Once the fire had been extinguished and the building was airing out, the story of What Happened This Time was told.
It was a story involving Carolina Reapers and a malfunctioning kitchen fan. Every human involved had the same thing to say at the end of it all: “It’s a pity we had to get rid of everything. That salsa would have been delicious!” – Anon Guest
Put two Humans in a room and they really need a sane supervisor – Increasingly popular Alliance saying.
The Humans-Only kitchen was a wreck. On the plus side, the fire suppression systems worked, extinguishing any flame before it “got out of hand”. Humans liked fire, sometimes a little too much, and had made art out of food that either caught fire in the process of making it or was served whilst combusting. They thought it was neat, and called it en flambee. The maniacs.
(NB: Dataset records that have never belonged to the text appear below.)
Lemma qaSchur_cons b : kcomp k b ->
  Q b (i :: a) = \sum_(x <- upto (kcomps k) N) Q x a *
    \sum_(c <- kcomps k (sumn x + i) | pb (hkcomp_strip k c x i)) (b == c)%:R.
Proof.
move=> kc_b; have [_ _ strips_S] := ncSchur_S.
have kc_ia : kcomp k (i :: a) by rewrite kcomp_cons andbA i_range.
pose strips := [seq (x, c) | x <- upto (kcomps k) N,
                 c <- [seq c <- kcomps k (sumn x + i) | pb (hkcomp_strip k c x i)]].
rewrite qaSchur_coef //.
rewrite (@pairing_sum _ _ _ _ strips (fun p => Q p.1 a) (fun p => S p.2)).
  rewrite /strips big_allpairs_dep; apply: eq_bigr => x _; rewrite big_filter mulr_sumr.
  rewrite [LHS]big_seq_cond [RHS]big_seq_cond; apply: eq_bigr => c /andP[].
  by rewrite mem_kcomps => /andP[kc_c _] _; rewrite pairing_Q_S.
move=> z kc_z; rewrite -mulH_unitv (mulH_sum _ expand_S) /strips big_allpairs_dep /=.
apply: eq_big_seq => x; rewrite mem_kcomps_upto => /andP[kc_x _].
by rewrite strips_S // big_filter mulr_sumr.
Qed.

Lemma qaSchur_cons_lam_of l : kpart k l ->
  \sum_(b <- kcomps k (sumn l) | lam_of b == l) Q b (i :: a) =
  \sum_(x <- upto (kcomps k) N) Q x a *
    (pb (hkstrip k (lam_of x) l) && (sumn l == sumn x + i)%N)%:R.
Proof.
move=> kp_l; rewrite big_seq_cond.
rewrite (eq_bigr (fun b => \sum_(x <- upto (kcomps k) N) Q x a *
  \sum_(c <- kcomps k (sumn x + i) | pb (hkcomp_strip k c x i)) (b == c)%:R)); last first.
  by move=> b /andP[/[!mem_kcomps] /andP[kc_b _] _]; rewrite qaSchur_cons.
rewrite -big_seq_cond exchange_big /=; apply: eq_big_seq => x.
rewrite mem_kcomps_upto => /andP[kc_x _]; rewrite -mulr_sumr exchange_big /=.
rewrite -count_hkcomp_strips //; congr (_ * _).
rewrite [LHS]big_seq_cond [RHS]big_seq_cond; apply: eq_bigr => c /andP[].
rewrite mem_kcomps => /andP[kc_c /eqP sum_c] _.
rewrite big_mkcond (eq_bigr (fun b => (lam_of b == l)%:R * (c == b)%:R)); last first.
  by move=> b _; case: (lam_of b == l); rewrite ?mul1r ?mul0r // eq_sym.
rewrite sum_delta ?uniq_kcomps // mem_kcomps kc_c /=.
case: (eqVneq (lam_of c) l) => [<-|_]; last by rewrite mulr0.
by rewrite sumn_lam_of eqxx mulr1.
Qed.

Lemma dual_kSchur_cons l : kpart k l ->
  D l (lam_of (i :: a)) = \sum_(mu <- upto (kparts k) N) D mu (lam_of a) *
    (pb (hkstrip k mu l) && (sumn l == sumn mu + i)%N)%:R.
Proof.
move=> kp_l; have [_ _ strips_s] := kSchur_s.
have kc_ia : kcomp k (i :: a) by rewrite kcomp_cons andbA i_range.
pose strips := [seq (mu, nu) | mu <- upto (kparts k) N,
                 nu <- [seq nu <- kparts k (sumn mu + i) | pb (hkstrip k mu nu)]].
rewrite dual_kSchur_coef ?kpart_lam_of //.
rewrite (@pairing_sum _ _ _ _ strips (fun p => D p.1 (lam_of a)) (fun p => s p.2)).
  rewrite /strips big_allpairs_dep; apply: eq_big_seq => mu.
  rewrite mem_kparts_upto => /andP[kp_mu _]; rewrite big_filter /= -mulr_sumr; congr (_ * _).
  rewrite big_mkcond (eq_big_seq (fun nu => (pb (hkstrip k mu nu))%:R * (l == nu)%:R)).
    by rewrite sum_delta ?uniq_kparts // mem_kparts kp_l -natrM mulnb andbC.
  move=> nu /[!mem_kparts] /andP[kp_nu _].
  by rewrite pairing_D_s //; case: (pb _); rewrite ?mul1r ?mul0r.
move=> z kp_z; rewrite -mulh_unitv; last by case/andP: kp_z.
rewrite (mulh_sum _ expand_s) /strips big_allpairs_dep /=.
apply: eq_big_seq => mu; rewrite mem_kparts_upto => /andP[kp_mu _].
by rewrite strips_s // big_filter mulr_sumr.
Qed.

End Recursion.

Lemma dual_kSchur_lam_of a : kcomp k a -> forall l, kpart k l ->
  D l (lam_of a) = \sum_(b <- kcomps k (sumn l) | lam_of b == l) Q b a.
Proof.
elim: a => [|i a IH] kc_a l kp_l.
  rewrite dual_kSchur_nil // big_mkcond.
  rewrite (eq_big_seq (fun b => (lam_of b == l)%:R * ([::] == b)%:R)) => [|b].
    by rewrite sum_delta ?uniq_kcomps // mem_kcomps; case: l kp_l => [|y l] _ /=; rewrite ?mulr0.
  rewrite mem_kcomps => /andP[kc_b _]; rewrite qaSchur_nil //.
  by case: (lam_of b == l); rewrite ?mul1r ?mul0r // eq_sym.
have [i_range kc_a'] : (0 < i <= k)%N /\ kcomp k a.
  by move: kc_a; rewrite kcomp_cons andbA => /andP[].
have [N1 expand_S] := ncSchur_expansion kc_a'.
have [N2 expand_s] := kSchur_expansion (kpart_lam_of kc_a').
rewrite (dual_kSchur_cons i_range kc_a' (expand_s _ (leq_maxr N1 N2)) kp_l).
rewrite (qaSchur_cons_lam_of i_range kc_a' (expand_S _ (leq_maxl N1 N2)) kp_l).
under [RHS]eq_bigr => x _ do rewrite -[sumn x]sumn_lam_of.
rewrite -(sum_kparts_lam_of _ _ (fun x mu =>
  Q x a * (pb (hkstrip k mu l) && (sumn l == sumn mu + i)%N)%:R)).
by apply: eq_big_seq => mu /[!mem_kparts_upto] /andP[kp_mu _]; rewrite IH // mulr_suml.
Qed.

End DualBases.

Theorem mainTheorem8 (k : nat) (hk : (1 <= k)%N)
  (s D S Q : seq nat -> Elt) :
  is_kSchur k s -> is_dual_kSchur k s D ->
  is_ncSchur k S -> is_qaSchur k S Q ->
  forall l : seq nat, kpart k l ->
    qeq k (toQSym (D l))
          (fun a => \sum_(b <- kcomps k (sumn l) | lam_of b == l) Q b a).
Proof.
move=> kSchur_s dual_D ncSchur_S qaSchur_Q l kp_l a kc_a.
have /andP[comp_a _] := kc_a; rewrite /toQSym comp_a.
exact: dual_kSchur_lam_of kSchur_s dual_D ncSchur_S qaSchur_Q a kc_a l kp_l.
Qed.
This was not a case of something being a little too “en flambee” for the Humans. This was beyond “a little grease fire”. The environment inside the Humans-Only kitchen now scanned as uninhabitable owing to a combination of carbon dioxide, capsaicin, carbon monoxide, pepperin, and just plain carbon. At least one of the teary-eyed Humans had lost their eyebrows in the blaze. All of them were in a state of distress. Captain Throkk didn’t really have to ask what had happened, but considered it necessary anyway.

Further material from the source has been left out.